The differential diagnosis most commonly includes verruca vulgaris, although the characteristic epidermal changes of clumping of keratohyalin granules, focal parakeratosis, and keratinocyte vacuolization are not seen in acrochordons .

Acrochordon is often linked to type 2 diabetes mellitus and obesity. Acrochordon is also associated with hereditary autosomal dominant Birt–Hogg–Dube syndrome, which is characterized by multiple fibrofolliculomas, trichodiscomas, and acrochordons [127]. Increased levels of tumor necrosis factor-α (TNF-α), which is produced by mast cells and macrophages, have been found in acrochordon as compared with normal skin [128]. Some studies have suggested the role of local trauma in the pathogenesis of acrochordon through possible trauma-induced upregulation of TRAIL and induction of mast cells migration into the site of trauma [128]. TNF-α released by mast cells may result in changes leading to acrochordon formation .

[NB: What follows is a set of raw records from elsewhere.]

Lemma near_collapsed_of_close eps v1 v2 u1 u2 q :
  params_close eps (collapsed_params v1 v2 u1 u2) q -> near_collapsed (2 * eps) v1 v2 u1 u2 q.
Proof.
  unfold params_close, near_collapsed, collapsed_params, center1, spread1, center2, spread2; simpl.
  rewrite !Rminus_0_r.
  intros (H11 & H12 & H21 & H22 & Hb1 & Hb2 & Hw1 & Hw2 & _).
  apply Rabs_def2 in H11, H12, H21, H22, Hb1, Hb2, Hw1, Hw2.
  repeat split; apply Rabs_le; lra.
Qed.

Lemma two_neuron_error (E1 E2 e1 e2 b1 b2 C d : R) :
  Rabs E1 <= b1 * d * e1 -> Rabs E2 <= b2 * d * e2 -> b1 <= C -> b2 <= C ->
  0 <= d -> 0 <= e1 -> 0 <= e2 -> Rabs (E1 + E2) <= C * d * (e1 + e2).
Proof.
  intros H1 H2 Hb1 Hb2 Hd He1 He2.
  eapply Rle_trans; [apply Rabs_triang|].
  assert (b1 * d * e1 <= C * d * e1) by (apply Rmult_le_compat_r; [|apply Rmult_le_compat_r]; lra).
  assert (b2 * d * e2 <= C * d * e2) by (apply Rmult_le_compat_r; [|apply Rmult_le_compat_r]; lra).
  lra.
Qed.

Lemma exists_small_radius rho kappa A C : 0 < rho -> 0 < kappa -> 0 <= A -> 0 <= C ->
  exists d, 0 < d /\ d <= 1 /\ 2 * d < rho /\ (4 * A + 1) * (C * d) <= kappa.
Proof.
  intros Hrho Hk HA HC.
  set (T := (4 * A + 1) * (C + 1)).
  assert (HT : 0 < T) by (unfold T; nra).
  assert (0 < kappa / T) by (apply Rdiv_lt_0_compat; assumption).
  pose proof (Rmin_l (Rmin 1 (rho / 4)) (kappa / T)); pose proof (Rmin_r (Rmin 1 (rho / 4)) (kappa / T)).
  pose proof (Rmin_l 1 (rho / 4)); pose proof (Rmin_r 1 (rho / 4)).
  assert (Hd0 : 0 < Rmin (Rmin 1 (rho / 4)) (kappa / T)) by (repeat apply Rmin_pos; lra).
  set (d := Rmin (Rmin 1 (rho / 4)) (kappa / T)) in *.
  assert (Hd : d * T <= kappa).
  { apply Rle_trans with (kappa / T * T); [apply Rmult_le_compat_r; lra|].
    right; field; lra. }
  exists d; repeat split; try lra.
  unfold T in Hd; nra.
Qed.

Section CollapsedMinimum.

Variables (h h1 h2 h3 : R -> R) (v1 v2 rho K u1 u2 : R).
Hypotheses (hC1 : C3_bounds h h1 h2 h3 v1 rho K) (hC2 : C3_bounds h h1 h2 h3 v2 rho K).

Lemma odd_response_error d q : d <= 1 -> 2 * d < rho -> near_collapsed d v1 v2 u1 u2 q ->
  Rabs (odd_response h q - (u1 * h1 v1 * spread1 q + u2 * h1 v2 * spread2 q))
  <= 2 * K * (1 + Rabs u1 + Rabs u2) * d * (Rabs (spread1 q) + Rabs (spread2 q)).
Proof.
  intros Hd1 Hdr (Hw1 & Hc1 & He1 & Hw2 & Hc2 & He2).
  assert (HK : 0 <= K)
    by (apply (C3_bounds_nonneg h h1 h2 h3 v1 rho); [pose proof (Rabs_pos (spread1 q)); lra | exact hC1]).
  pose proof (Rabs_pos u1); pose proof (Rabs_pos u2).
  replace (odd_response h q - _)
    with ((W2_1 q * odd_part h (center1 q) (spread1 q) - u1 * h1 v1 * spread1 q)
          + (W2_2 q * odd_part h (center2 q) (spread2 q) - u2 * h1 v2 * spread2 q))
    by (unfold odd_response; ring).
  apply (two_neuron_error _ _ _ _ (2 * K * (1 + Rabs u1)) (2 * K * (1 + Rabs u2)));
    [ apply (neuron_odd_error h h1 h2 h3 v1 rho K hC1); assumption
    | apply (neuron_odd_error h h1 h2 h3 v2 rho K hC2); assumption
    | nra | nra | pose proof (Rabs_pos (spread1 q)); lra | apply Rabs_pos | apply Rabs_pos ].
Qed.

Lemma even_response_error d q : d <= 1 -> 2 * d < rho -> near_collapsed d v1 v2 u1 u2 q ->
  Rabs (2 / 3 * even_response h q - (u1 * h2 v1 * spread1 q ^ 2 + u2 * h2 v2 * spread2 q ^ 2) / 3)
  <= 2 * K * (1 + Rabs u1 + Rabs u2) * d * (spread1 q ^ 2 + spread2 q ^ 2).
Proof.
  intros Hd1 Hdr (Hw1 & Hc1 & He1 & Hw2 & Hc2 & He2).
  assert (HK : 0 <= K)
    by (apply (C3_bounds_nonneg h h1 h2 h3 v1 rho); [pose proof (Rabs_pos (spread1 q)); lra | exact hC1]).
  pose proof (Rabs_pos u1); pose proof (Rabs_pos u2).
  pose proof (pow2_ge_0 (spread1 q)); pose proof (pow2_ge_0 (spread2 q)).
  replace (2 / 3 * even_response h q - _)
    with (2 / 3 * ((W2_1 q * even_part h (center1 q) (spread1 q) - u1 * h2 v1 * spread1 q ^ 2 / 2)
                   + (W2_2 q * even_part h (center2 q) (spread2 q) - u2 * h2 v2 * spread2 q ^ 2 / 2)))
    by (unfold even_response; field).
  rewrite Rabs_mult, (Rabs_pos_eq (2 / 3)) by lra.
  assert (Hsum : Rabs ((W2_1 q * even_part h (center1 q) (spread1 q) - u1 * h2 v1 * spread1 q ^ 2 / 2)
                      + (W2_2 q * even_part h (center2 q) (spread2 q) - u2 * h2 v2 * spread2 q ^ 2 / 2))
                 <= 2 * K * (1 + Rabs u1 + Rabs u2) * d * (spread1 q ^ 2 + spread2 q ^ 2)).
  { apply (two_neuron_error _ _ _ _ (2 * K * (1 + Rabs u1)) (2 * K * (1 + Rabs u2)));
      [ apply (neuron_even_error h h1 h2 h3 v1 rho K hC1); assumption
      | apply (neuron_even_error h h1 h2 h3 v2 rho K hC2); assumption
      | nra | nra | pose proof (Rabs_pos (spread1 q)); lra | lra | lra ]. }
  assert (0 <= 2 * K * (1 + Rabs u1 + Rabs u2) * d * (spread1 q ^ 2 + spread2 q ^ 2)).
  { apply Rmult_le_pos; [|lra]; apply Rmult_le_pos; [nra|]; pose proof (Rabs_pos (spread1 q)); lra. }
  lra.
Qed.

Angiofibroblastoma is a newly described rare fibrous growth occurring on the extremities. The exact prevalence is unknown with no documented gender predilection [129]. Lesions are characterized as solitary, non-descript subcutaneous nodules typically presenting on the extremities. Angiofibroblastomas have a benign clinical course and respond well to simple excision with no documented evidence of recurrence or metastasis.

This rare neoplasm is characterized by a dermal proliferation of fibroblasts coursing in a myxoid stroma. The epidermis is uninvolved. The fibroblasts are spindled with abundant stellate-shaped cells. Mitotic activity is rare, and there is no significant cytologic atypia in the fibroblastic proliferation. In some areas, the stroma is comprised of dense collagen instead of the myxoid stroma seen in the majority of the lesions. Many small capillaries are present admixed throughout the myxoid stroma and account for the naming of this entity [129, 130].